Büyüklerimiz söylerdi her zaman Gölgesi olsa yeter. Evet, bazen gölgesine sığınmalı bir şeyin.
Pencerenin kıyısından seyrediyorum denizi bu nasıl hırçınlıktır ki hiçbir şeyi kendinde barındırmak istememiş, nefretini kusmuş gibi kucağını açan kumsalda yapayalnız çocuk ayakkabıları, ucu fiyonklu bebek tokaları , martı ölüleri kimden çalmış bunce şeyi kime hediyesidir.

Sahilde yürüyorum sokak lambaları birbirine göz kırparken herkesin yüzünden bin parça, kime sorsam üzgün yoksa bu mevsim mi insanı karamsarlığa itiyor.
Eli cebinde dolaşanların sessizliğini liseli haşarı çocuklar bölüyor, bölsün de zaten yaşam çok ciddeye alınmamalı mı yoksa alınmalı mı işte bu konuda benim de kafam biraz karışık.
Bir bebeğin gülümsemesiyle aydınlansın o zaman gökyüzü...
Bir insanın gözleri çok dalmamalı yakınlara, sonra her şekile bir anlam yüklüyorsun yüreğinde.
Şuradaki küçük kız çocuğu sanıyorsun kendini ve tüm çiçekleri puf çiçeği gibi üflüyorsun gökyüzüne oysa o çiçeğin yaprakları düşer birer birer yeryüzüne ve bilmez hiç kimse ne kadar özlendiğini.
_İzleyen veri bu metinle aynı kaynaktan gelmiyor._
(* For every integer $n\ge 0$, \[ \sum_{k=0}^{n}(-4)^k\frac{\binom{n}{k}}{\binom{2k}{k}}\,k\,H_{2k} =\frac{n\{H_{n}-2H_{2n}\}}{(2n-1)(2n-3)}+\frac{n(20n^2-24n-1)}{(2n-1)^2(2n-3)^2}. \]
   Context: For an integer $m\ge 0$, $H_m$ denotes the $m$-th harmonic number: $H_0=0$ and $H_m=\sum_{j=1}^m \frac1j$ for $m\ge1$. $\binom{n}{k}$ is the usual binomial coefficient. *)

From HB Require Import structures.
From mathcomp Require Import all_boot all_order all_algebra.
Set Implicit Arguments. Unset Strict Implicit. Unset Printing Implicit Defensive.
Import Order.TTheory GRing.Theory Num.Theory.
Local Open Scope ring_scope.

Definition harmonic (m : nat) : rat := \sum_(1 <= j < m.+1) (j%:R)^-1.

From HB Require Import structures.
From mathcomp Require Import all_boot all_order all_algebra.
From mathcomp Require Import ring zify.
Import Order.TTheory GRing.Theory Num.Theory.
Local Open Scope ring_scope.

(* Write c(n, k) = (-4)^k C(n, k) / C(2k, k).  The ratio recurrence
   (2k + 1) c(n, k+1) = -2 (n - k) c(n, k) makes every sum
   sum_k c(n, k) (-2 (n - k) q(k+1) - (2k - 1) q(k)) telescope to q(0); with q
   constant or linear this evaluates sum_k c(n, k) and sum_k k c(n, k).  For
   q(k) = (a k + b) H_(2k) with suitable constants a, b the summand becomes
   k H_(2k) plus c(n, k+1) times a rational function of k, which reduces to
   those two sums and to sum_(k >= 1) c(n, k) / k = H_n - 2 H_(2n).  The latter
   follows by induction on n from Pascal's rule and
   sum_k c(n, k) / (2k + 1) = 1 / (2n + 1). *)


Lemma mul_central_binS k :
  (k.+1 * 'C(2 * k.+1, k.+1) = 2 * (2 * k).+1 * 'C(2 * k, k))%N.
Proof.
have := mul_bin_diag (2 * k.+1) k; have := mul_bin_down (2 * k).+1 k.
rewrite (_ : (2 * k.+1).-1 = (2 * k).+1)%N; last lia.
rewrite (_ : ((2 * k).+1 - k = k.+1)%N) /=; last lia.
by move=> down <-; rewrite -!mulnA down.
Qed.

Section CentralRatio.
Variable R : numFieldType.
Implicit Types (m k : nat) (q : nat -> R).

Lemma add1_natr_neq0 k : (1 + k%:R : R) != 0.
Proof. by rewrite addrC natr1 pnatr_eq0. Qed.

Lemma double_natr_add1_neq0 k : (2 * k%:R + 1 : R) != 0.
Proof. by rewrite -natrM natr1 pnatr_eq0. Qed.

Lemma double_natr_sub1_neq0 m : (2 * m%:R - 1 : R) != 0.
Proof. by rewrite subr_eq0 -natrM -(mulr1n 1) eqr_nat; lia. Qed.

Lemma double_natr_sub3_neq0 m : (2 * m%:R - 3 : R) != 0.
Proof. by rewrite subr_eq0 -natrM eqr_nat; lia. Qed.

Lemma natr_mul_bin_left m k :
  ((k.+1 * 'C(m, k.+1))%:R : R) = (m%:R - k%:R) * 'C(m, k)%:R.
Proof.
rewrite mul_bin_left natrM; case: (leqP k m) => [km | mk]; first by rewrite natrB.
by rewrite bin_small // !mulr0.
Qed.

Definition central_ratio m k : R := (-4) ^+ k * ('C(m, k)%:R / 'C(2 * k, k)%:R).

Lemma central_ratio0 m : central_ratio m 0 = 1.
Proof. by rewrite /central_ratio expr0 mul1r muln0 !bin0 divr1. Qed.

Lemma central_ratio_small m k : (m < k)%N -> central_ratio m k = 0.
Proof. by move=> mk; rewrite /central_ratio bin_small // mul0r mulr0. Qed.

Lemma central_ratioS_mul m k :
  central_ratio m k.+1 * (2 * k%:R + 1)
  = -2 * (-4) ^+ k * ((k.+1 * 'C(m, k.+1))%:R / 'C(2 * k, k)%:R).
Proof.
have central : ('C(2 * k.+1, k.+1)%:R : R) = 2 * (2 * k%:R + 1) * 'C(2 * k, k)%:R / k.+1%:R.
  have k1_neq0 : (k.+1%:R : R) != 0 by rewrite pnatr_eq0.
  have := congr1 (GRing.natmul (1 : R)) (mul_central_binS k).
  rewrite !natrM -[((2 * k).+1)%:R]natr1 natrM => e.
  by apply: (mulfI k1_neq0); rewrite e [RHS]mulrCA mulfV ?mulr1.
have binS_neq0 : ('C(2 * k, k)%:R : R) != 0.
  by rewrite pnatr_eq0 -lt0n bin_gt0 leq_pmull.
rewrite /central_ratio central exprS natrM; field.
by rewrite binS_neq0 double_natr_add1_neq0 add1_natr_neq0.
Qed.

Lemma central_ratioS m k :
  central_ratio m k.+1 * (2 * k%:R + 1) = -2 * (m%:R - k%:R) * central_ratio m k.
Proof.
by rewrite central_ratioS_mul natr_mul_bin_left /central_ratio; ring.
Qed.

Lemma central_ratioSS m k :
  central_ratio m.+1 k.+1 * (2 * k%:R + 1) = -2 * m.+1%:R * central_ratio m k.
Proof.
by rewrite central_ratioS_mul -mul_bin_diag natrM /central_ratio; ring.
Qed.

Lemma central_ratioSS_sub m k :
  central_ratio m.+1 k.+1 =
  central_ratio m k.+1 - 2 * k.+1%:R * central_ratio m k / (2 * k%:R + 1).
Proof.
apply: (mulIf (double_natr_add1_neq0 k)).
rewrite mulrBl central_ratioSS central_ratioS divfK ?double_natr_add1_neq0 //.
by rewrite -natr1; ring.
Qed.

Lemma sum_central_ratio_succ m (F : nat -> R) :
  \sum_(0 <= k < m.+1) central_ratio m k.+1 * F k.+1 =
  \sum_(1 <= k < m.+1) central_ratio m k * F k.
Proof.
by rewrite big_add1 /= big_nat_recr //= central_ratio_small // mul0r addr0.
Qed.

Lemma central_ratio_telescope m q :
  \sum_(0 <= k < m.+1)
     central_ratio m k * (-2 * (m%:R - k%:R) * q k.+1 - (2 * k%:R - 1) * q k)
  = q 0%N.
Proof.
pose F k := central_ratio m k * (2 * k%:R - 1) * q k.
rewrite (@telescope_sumr_eq _ _ _ F) // => [|k _].
  by rewrite /F central_ratio_small // central_ratio0; ring.
rewrite /F; have -> : 2 * k.+1%:R - 1 = 2 * k%:R + 1 :> R by rewrite -natr1; ring.
by rewrite central_ratioS; ring.
Qed.

Lemma sum_central_ratio m :
  \sum_(0 <= k < m.+1) central_ratio m k = - (2 * m%:R - 1)^-1.
Proof.
have := central_ratio_telescope m (fun=> 1).
rewrite (eq_bigr (fun k => central_ratio m k * (1 - 2 * m%:R))) => [|k _]; last first.
  by congr (_ * _); ring.
rewrite -mulr_suml => sum_mul.
have h : (1 - 2 * m%:R : R) != 0 by rewrite -opprB oppr_eq0 double_natr_sub1_neq0.
by apply: (mulIf h); rewrite sum_mul; field; rewrite double_natr_sub1_neq0.
Qed.

Lemma sum_central_ratio_mul_natr m :
  \sum_(0 <= k < m.+1) central_ratio m k * k%:R
  = 2 * m%:R / ((2 * m%:R - 1) * (2 * m%:R - 3)).
Proof.
have := central_ratio_telescope m (fun k => k%:R).
rewrite (eq_bigr (fun k => central_ratio m k * k%:R * (3 - 2 * m%:R)
                           - central_ratio m k * (2 * m%:R))) => [|k _]; last first.
  by rewrite -natr1; ring.
rewrite sumrB -!mulr_suml sum_central_ratio => /subr0_eq sum_mul.
have h3 : (3 - 2 * m%:R : R) != 0 by rewrite -opprB oppr_eq0 double_natr_sub3_neq0.
apply: (mulIf h3); rewrite sum_mul; field.
by rewrite double_natr_sub1_neq0 double_natr_sub3_neq0.
Qed.

Lemma sum_central_ratio_div_odd m :
  \sum_(0 <= k < m.+1) central_ratio m k / (2 * k%:R + 1) = (2 * m%:R + 1)^-1.
Proof.
have m1_neq0 : (m.+1%:R : R) != 0 by rewrite pnatr_eq0.
rewrite (eq_bigr (fun k => - (2 * m.+1%:R)^-1 * central_ratio m.+1 k.+1)) => [|k _].
  have sumS := sum_central_ratio m.+1.
  rewrite big_nat_recl // central_ratio0 in sumS.
  rewrite -mulr_sumr (_ : \sum_(0 <= k < m.+1) _ = - (2 * m.+1%:R - 1)^-1 - 1).
    have -> : 2 * m.+1%:R - 1 = 2 * m%:R + 1 :> R by rewrite -natr1; ring.
    by field; rewrite add1_natr_neq0 double_natr_add1_neq0.
  by rewrite -sumS addrC addKr.
rewrite -[central_ratio m.+1 k.+1](mulfK (double_natr_add1_neq0 k)) central_ratioSS.
by field; rewrite add1_natr_neq0 double_natr_add1_neq0.
Qed.
End CentralRatio.

Arguments central_ratio {R} m k.
Arguments sum_central_ratio_succ {R} m F.

Lemma harmonic0 : harmonic 0 = 0.
Proof. by rewrite /harmonic big_geq. Qed.

Lemma harmonicS n : harmonic n.+1 = harmonic n + n.+1%:R^-1.
Proof. by rewrite /harmonic big_nat_recr. Qed.

Lemma harmonic_doubleS k :
  harmonic (2 * k.+1) = harmonic (2 * k) + (2 * k%:R + 1)^-1 + (2 * k.+1%:R)^-1.
Proof.
have e : (2 * k.+1 = (2 * k).+2)%N by lia.
by rewrite e !harmonicS -!natrM natr1 e.
Qed.

Lemma sum_central_ratio_div_natr m :
  \sum_(1 <= k < m.+1) central_ratio m k / k%:R = harmonic m - 2 * harmonic (2 * m).
Proof.
elim: m => [|m IH]; first by rewrite big_geq // muln0 harmonic0; ring.
rewrite big_add1 /=.
rewrite (eq_bigr (fun k => central_ratio m k.+1 / k.+1%:R
                          - 2 * (central_ratio m k / (2 * k%:R + 1)))) => [|k _]; last first.
  by rewrite central_ratioSS_sub; field; rewrite add1_natr_neq0 double_natr_add1_neq0.
rewrite sumrB -mulr_sumr sum_central_ratio_div_odd.
rewrite (sum_central_ratio_succ m (fun k => k%:R^-1)) IH harmonicS harmonic_doubleS.
by field; rewrite add1_natr_neq0 double_natr_add1_neq0.
Qed.

Section HarmonicCentralSum.
Variable m : nat.

(* The unique constants for which the H_(2k)-coefficient of the telescoped
   summand with weight [q] is exactly [k]. *)
Let a : rat := - (2 * m%:R - 3)^-1.
Let b : rat := 2 * m%:R / ((2 * m%:R - 1) * (2 * m%:R - 3)).
Let q k : rat := (a * k%:R + b) * harmonic (2 * k).

Lemma central_ratio_harmonic_step k :
  central_ratio m k * k%:R * harmonic (2 * k)
  = central_ratio m k * (-2 * (m%:R - k%:R) * q k.+1 - (2 * k%:R - 1) * q k)
    - central_ratio m k.+1 * (2 * a * k.+1%:R + (2 * b - a / 2) - b / 2 / k.+1%:R).
Proof.
rewrite /q /a /b harmonic_doubleS.
rewrite -[central_ratio m k.+1](mulfK (double_natr_add1_neq0 _ k)) central_ratioS.
field.
by rewrite add1_natr_neq0 double_natr_sub1_neq0 double_natr_sub3_neq0 double_natr_add1_neq0.
Qed.

Lemma sum_central_ratio_harmonic :
  \sum_(0 <= k < m.+1) central_ratio m k * k%:R * harmonic (2 * k)
  = - (2 * a * (2 * m%:R / ((2 * m%:R - 1) * (2 * m%:R - 3)))
       + (2 * b - a / 2) * (- (2 * m%:R - 1)^-1 - 1)
       - b / 2 * (harmonic m - 2 * harmonic (2 * m))).
Proof.
rewrite (eq_bigr _ (fun k _ => central_ratio_harmonic_step k)) sumrB.
rewrite central_ratio_telescope /q muln0 harmonic0 mulr0 sub0r.
rewrite (sum_central_ratio_succ m (fun j => 2 * a * j%:R + (2 * b - a / 2) - b / 2 / j%:R)).
have sum1 : \sum_(1 <= k < m.+1) central_ratio m k = - (2 * m%:R - 1)^-1 - 1 :> rat.
  by rewrite -sum_central_ratio [in RHS]big_ltn // central_ratio0 addrC addKr.
have sum_natr : \sum_(1 <= k < m.+1) central_ratio m k * k%:R
              = 2 * m%:R / ((2 * m%:R - 1) * (2 * m%:R - 3)) :> rat.
  by rewrite -sum_central_ratio_mul_natr [in RHS]big_ltn // mulr0 add0r.
rewrite (eq_bigr (fun k => 2 * a * (central_ratio m k * k%:R)
                          + (2 * b - a / 2) * central_ratio m k
                          - b / 2 * (central_ratio m k / k%:R))) => [|k _]; last by ring.
by rewrite sumrB big_split /= -!mulr_sumr sum1 sum_natr sum_central_ratio_div_natr.
Qed.
End HarmonicCentralSum.

Theorem theorem2 (n : nat) :
  \sum_(0 <= k < n.+1)
      (-4 : rat) ^+ k * ('C(n, k)%:R / 'C(2 * k, k)%:R) * k%:R * harmonic (2 * k)
  = (n%:R * (harmonic n - 2 * harmonic (2 * n)))
      / ((2 * n%:R - 1) * (2 * n%:R - 3))
    + (n%:R * (20 * n%:R ^+ 2 - 24 * n%:R - 1))
      / ((2 * n%:R - 1) ^+ 2 * (2 * n%:R - 3) ^+ 2).
Proof.
rewrite -[LHS]/(\sum_(0 <= k < n.+1) central_ratio n k * k%:R * harmonic (2 * k)).
rewrite sum_central_ratio_harmonic; field.
by rewrite double_natr_sub1_neq0 double_natr_sub3_neq0.
Qed.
Bilmezler yalnız yaşamayanlar,
Nasıl korku verir sessizlik insana;
İnsan nasıl konuşur kendisiyle;
Nasıl koşar aynalara,
Bir cana hasret,
Bilmezler.
Orhan Veli Kanık


Ve yüreğimiz de gökyüzü gibi sonsuz sevgi yanı başımız da yaprağını dökse de duracak söğüt ağacı ve iki kişilik bank olsun.
Sevgiyle kalın.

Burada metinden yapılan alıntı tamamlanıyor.